## Data excerpts:
= Beginning of Section =
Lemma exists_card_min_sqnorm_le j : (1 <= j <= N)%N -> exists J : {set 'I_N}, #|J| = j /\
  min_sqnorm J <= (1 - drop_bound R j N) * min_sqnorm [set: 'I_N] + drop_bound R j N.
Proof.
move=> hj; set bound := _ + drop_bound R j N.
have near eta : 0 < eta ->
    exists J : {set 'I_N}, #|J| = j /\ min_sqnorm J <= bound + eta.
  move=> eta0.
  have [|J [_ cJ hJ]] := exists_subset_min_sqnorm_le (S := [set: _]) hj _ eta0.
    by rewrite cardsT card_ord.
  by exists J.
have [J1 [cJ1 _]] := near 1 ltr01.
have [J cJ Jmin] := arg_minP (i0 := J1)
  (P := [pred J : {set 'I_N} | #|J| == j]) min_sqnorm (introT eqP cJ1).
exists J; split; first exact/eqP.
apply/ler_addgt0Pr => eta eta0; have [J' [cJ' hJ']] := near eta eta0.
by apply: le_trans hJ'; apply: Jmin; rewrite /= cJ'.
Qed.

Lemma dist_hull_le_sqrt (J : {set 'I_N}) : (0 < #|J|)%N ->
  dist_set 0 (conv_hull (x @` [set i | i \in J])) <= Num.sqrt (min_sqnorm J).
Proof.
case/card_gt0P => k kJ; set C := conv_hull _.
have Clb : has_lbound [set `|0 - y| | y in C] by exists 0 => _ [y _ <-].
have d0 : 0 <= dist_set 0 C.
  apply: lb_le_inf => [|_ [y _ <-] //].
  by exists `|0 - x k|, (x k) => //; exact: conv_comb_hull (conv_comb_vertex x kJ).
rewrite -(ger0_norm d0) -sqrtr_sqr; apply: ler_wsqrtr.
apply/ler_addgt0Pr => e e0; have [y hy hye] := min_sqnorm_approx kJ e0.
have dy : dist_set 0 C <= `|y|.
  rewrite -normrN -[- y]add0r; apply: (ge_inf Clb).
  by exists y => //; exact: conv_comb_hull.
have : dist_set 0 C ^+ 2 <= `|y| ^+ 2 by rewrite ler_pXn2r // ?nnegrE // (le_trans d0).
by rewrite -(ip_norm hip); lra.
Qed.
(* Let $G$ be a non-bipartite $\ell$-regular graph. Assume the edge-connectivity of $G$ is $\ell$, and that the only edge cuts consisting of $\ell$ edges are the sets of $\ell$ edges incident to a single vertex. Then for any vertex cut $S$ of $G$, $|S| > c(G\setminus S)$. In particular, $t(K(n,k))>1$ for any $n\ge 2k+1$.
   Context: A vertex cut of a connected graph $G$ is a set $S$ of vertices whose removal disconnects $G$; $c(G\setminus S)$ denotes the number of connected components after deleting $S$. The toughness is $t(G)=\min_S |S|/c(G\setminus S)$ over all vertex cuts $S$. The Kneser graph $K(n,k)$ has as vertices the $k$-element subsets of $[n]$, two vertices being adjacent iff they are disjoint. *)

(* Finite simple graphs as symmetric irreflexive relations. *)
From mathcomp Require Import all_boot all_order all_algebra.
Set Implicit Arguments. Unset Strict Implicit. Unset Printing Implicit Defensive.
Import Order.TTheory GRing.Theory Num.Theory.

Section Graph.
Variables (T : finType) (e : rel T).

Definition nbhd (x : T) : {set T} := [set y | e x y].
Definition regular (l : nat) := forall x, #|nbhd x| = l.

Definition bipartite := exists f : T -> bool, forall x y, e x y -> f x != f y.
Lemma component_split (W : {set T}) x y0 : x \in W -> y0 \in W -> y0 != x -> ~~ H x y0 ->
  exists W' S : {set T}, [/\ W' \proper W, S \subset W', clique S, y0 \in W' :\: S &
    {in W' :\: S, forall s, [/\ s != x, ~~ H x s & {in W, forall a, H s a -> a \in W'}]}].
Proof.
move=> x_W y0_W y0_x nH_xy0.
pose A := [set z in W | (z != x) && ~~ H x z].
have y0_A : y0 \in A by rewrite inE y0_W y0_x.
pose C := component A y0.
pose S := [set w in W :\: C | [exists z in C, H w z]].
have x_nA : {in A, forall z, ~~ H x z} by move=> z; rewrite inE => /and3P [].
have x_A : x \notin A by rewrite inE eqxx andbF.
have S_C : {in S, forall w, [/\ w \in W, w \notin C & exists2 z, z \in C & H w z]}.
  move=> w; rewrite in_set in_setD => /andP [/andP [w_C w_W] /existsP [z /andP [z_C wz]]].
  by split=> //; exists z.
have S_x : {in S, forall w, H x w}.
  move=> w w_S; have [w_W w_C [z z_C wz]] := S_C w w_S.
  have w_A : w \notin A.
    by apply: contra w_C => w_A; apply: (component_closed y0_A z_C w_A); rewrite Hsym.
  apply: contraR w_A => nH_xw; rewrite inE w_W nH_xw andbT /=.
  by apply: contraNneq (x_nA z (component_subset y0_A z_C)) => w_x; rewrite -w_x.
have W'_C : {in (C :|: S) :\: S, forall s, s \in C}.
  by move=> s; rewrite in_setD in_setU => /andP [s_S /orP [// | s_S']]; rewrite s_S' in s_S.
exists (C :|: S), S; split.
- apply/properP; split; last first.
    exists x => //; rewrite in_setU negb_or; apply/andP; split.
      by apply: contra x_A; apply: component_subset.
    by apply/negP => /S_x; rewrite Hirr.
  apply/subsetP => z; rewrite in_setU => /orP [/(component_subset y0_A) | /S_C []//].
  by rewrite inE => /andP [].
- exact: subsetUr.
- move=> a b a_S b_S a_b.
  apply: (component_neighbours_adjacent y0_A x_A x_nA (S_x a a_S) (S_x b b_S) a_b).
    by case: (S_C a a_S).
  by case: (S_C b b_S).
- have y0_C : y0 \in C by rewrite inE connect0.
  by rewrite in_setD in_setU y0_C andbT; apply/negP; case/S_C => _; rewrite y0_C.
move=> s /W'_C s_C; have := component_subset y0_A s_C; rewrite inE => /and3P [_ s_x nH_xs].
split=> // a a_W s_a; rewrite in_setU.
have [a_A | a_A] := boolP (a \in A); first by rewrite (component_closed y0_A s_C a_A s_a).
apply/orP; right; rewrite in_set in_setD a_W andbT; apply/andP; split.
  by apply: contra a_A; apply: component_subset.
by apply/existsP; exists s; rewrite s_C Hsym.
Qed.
= End of Section =
After reading the listing, copy it out exactly and in full.

## Output below:
Lemma exists_card_min_sqnorm_le j : (1 <= j <= N)%N -> exists J : {set 'I_N}, #|J| = j /\
  min_sqnorm J <= (1 - drop_bound R j N) * min_sqnorm [set: 'I_N] + drop_bound R j N.
Proof.
move=> hj; set bound := _ + drop_bound R j N.
have near eta : 0 < eta ->
    exists J : {set 'I_N}, #|J| = j /\ min_sqnorm J <= bound + eta.
  move=> eta0.
  have [|J [_ cJ hJ]] := exists_subset_min_sqnorm_le (S := [set: _]) hj _ eta0.
    by rewrite cardsT card_ord.
  by exists J.
have [J1 [cJ1 _]] := near 1 ltr01.
have [J cJ Jmin] := arg_minP (i0 := J1)
  (P := [pred J : {set 'I_N} | #|J| == j]) min_sqnorm (introT eqP cJ1).
exists J; split; first exact/eqP.
apply/ler_addgt0Pr => eta eta0; have [J' [cJ' hJ']] := near eta eta0.
by apply: le_trans hJ'; apply: Jmin; rewrite /= cJ'.
Qed.

Lemma dist_hull_le_sqrt (J : {set 'I_N}) : (0 < #|J|)%N ->
  dist_set 0 (conv_hull (x @` [set i | i \in J])) <= Num.sqrt (min_sqnorm J).
Proof.
case/card_gt0P => k kJ; set C := conv_hull _.
have Clb : has_lbound [set `|0 - y| | y in C] by exists 0 => _ [y _ <-].
have d0 : 0 <= dist_set 0 C.
  apply: lb_le_inf => [|_ [y _ <-] //].
  by exists `|0 - x k|, (x k) => //; exact: conv_comb_hull (conv_comb_vertex x kJ).
rewrite -(ger0_norm d0) -sqrtr_sqr; apply: ler_wsqrtr.
apply/ler_addgt0Pr => e e0; have [y hy hye] := min_sqnorm_approx kJ e0.
have dy : dist_set 0 C <= `|y|.
  rewrite -normrN -[- y]add0r; apply: (ge_inf Clb).
  by exists y => //; exact: conv_comb_hull.
have : dist_set 0 C ^+ 2 <= `|y| ^+ 2 by rewrite ler_pXn2r // ?nnegrE // (le_trans d0).
by rewrite -(ip_norm hip); lra.
Qed.
(* Let $G$ be a non-bipartite $\ell$-regular graph. Assume the edge-connectivity of $G$ is $\ell$, and that the only edge cuts consisting of $\ell$ edges are the sets of $\ell$ edges incident to a single vertex. Then for any vertex cut $S$ of $G$, $|S| > c(G\setminus S)$. In particular, $t(K(n,k))>1$ for any $n\ge 2k+1$.
   Context: A vertex cut of a connected graph $G$ is a set $S$ of vertices whose removal disconnects $G$; $c(G\setminus S)$ denotes the number of connected components after deleting $S$. The toughness is $t(G)=\min_S |S|/c(G\setminus S)$ over all vertex cuts $S$. The Kneser graph $K(n,k)$ has as vertices the $k$-element subsets of $[n]$, two vertices being adjacent iff they are disjoint. *)

(* Finite simple graphs as symmetric irreflexive relations. *)
From mathcomp Require Import all_boot all_order all_algebra.
Set Implicit Arguments. Unset Strict Implicit. Unset Printing Implicit Defensive.
Import Order.TTheory GRing.Theory Num.Theory.

Section Graph.
Variables (T : finType) (e : rel T).

Definition nbhd (x : T) : {set T} := [set y | e x y].
Definition regular (l : nat) := forall x, #|nbhd x| = l.

Definition bipartite := exists f : T -> bool, forall x y, e x y -> f x != f y.
Lemma component_split (W : {set T}) x y0 : x \in W -> y0 \in W -> y0 != x -> ~~ H x y0 ->
  exists W' S : {set T}, [/\ W' \proper W, S \subset W', clique S, y0 \in W' :\: S &
    {in W' :\: S, forall s, [/\ s != x, ~~ H x s & {in W, forall a, H s a -> a \in W'}]}].
Proof.
move=> x_W y0_W y0_x nH_xy0.
pose A := [set z in W | (z != x) && ~~ H x z].
have y0_A : y0 \in A by rewrite inE y0_W y0_x.
pose C := component A y0.
pose S := [set w in W :\: C | [exists z in C, H w z]].
have x_nA : {in A, forall z, ~~ H x z} by move=> z; rewrite inE => /and3P [].
have x_A : x \notin A by rewrite inE eqxx andbF.
have S_C : {in S, forall w, [/\ w \in W, w \notin C & exists2 z, z \in C & H w z]}.
  move=> w; rewrite in_set in_setD => /andP [/andP [w_C w_W] /existsP [z /andP [z_C wz]]].
  by split=> //; exists z.
have S_x : {in S, forall w, H x w}.
  move=> w w_S; have [w_W w_C [z z_C wz]] := S_C w w_S.
  have w_A : w \notin A.
    by apply: contra w_C => w_A; apply: (component_closed y0_A z_C w_A); rewrite Hsym.
  apply: contraR w_A => nH_xw; rewrite inE w_W nH_xw andbT /=.
  by apply: contraNneq (x_nA z (component_subset y0_A z_C)) => w_x; rewrite -w_x.
have W'_C : {in (C :|: S) :\: S, forall s, s \in C}.
  by move=> s; rewrite in_setD in_setU => /andP [s_S /orP [// | s_S']]; rewrite s_S' in s_S.
exists (C :|: S), S; split.
- apply/properP; split; last first.
    exists x => //; rewrite in_setU negb_or; apply/andP; split.
      by apply: contra x_A; apply: component_subset.
    by apply/negP => /S_x; rewrite Hirr.
  apply/subsetP => z; rewrite in_setU => /orP [/(component_subset y0_A) | /S_C []//].
  by rewrite inE => /andP [].
- exact: subsetUr.
- move=> a b a_S b_S a_b.
  apply: (component_neighbours_adjacent y0_A x_A x_nA (S_x a a_S) (S_x b b_S) a_b).
    by case: (S_C a a_S).
  by case: (S_C b b_S).
- have y0_C : y0 \in C by rewrite inE connect0.
  by rewrite in_setD in_setU y0_C andbT; apply/negP; case/S_C => _; rewrite y0_C.
move=> s /W'_C s_C; have := component_subset y0_A s_C; rewrite inE => /and3P [_ s_x nH_xs].
split=> // a a_W s_a; rewrite in_setU.
have [a_A | a_A] := boolP (a \in A); first by rewrite (component_closed y0_A s_C a_A s_a).
apply/orP; right; rewrite in_set in_setD a_W andbT; apply/andP; split.
  by apply: contra a_A; apply: component_subset.
by apply/existsP; exists s; rewrite s_C Hsym.
Qed.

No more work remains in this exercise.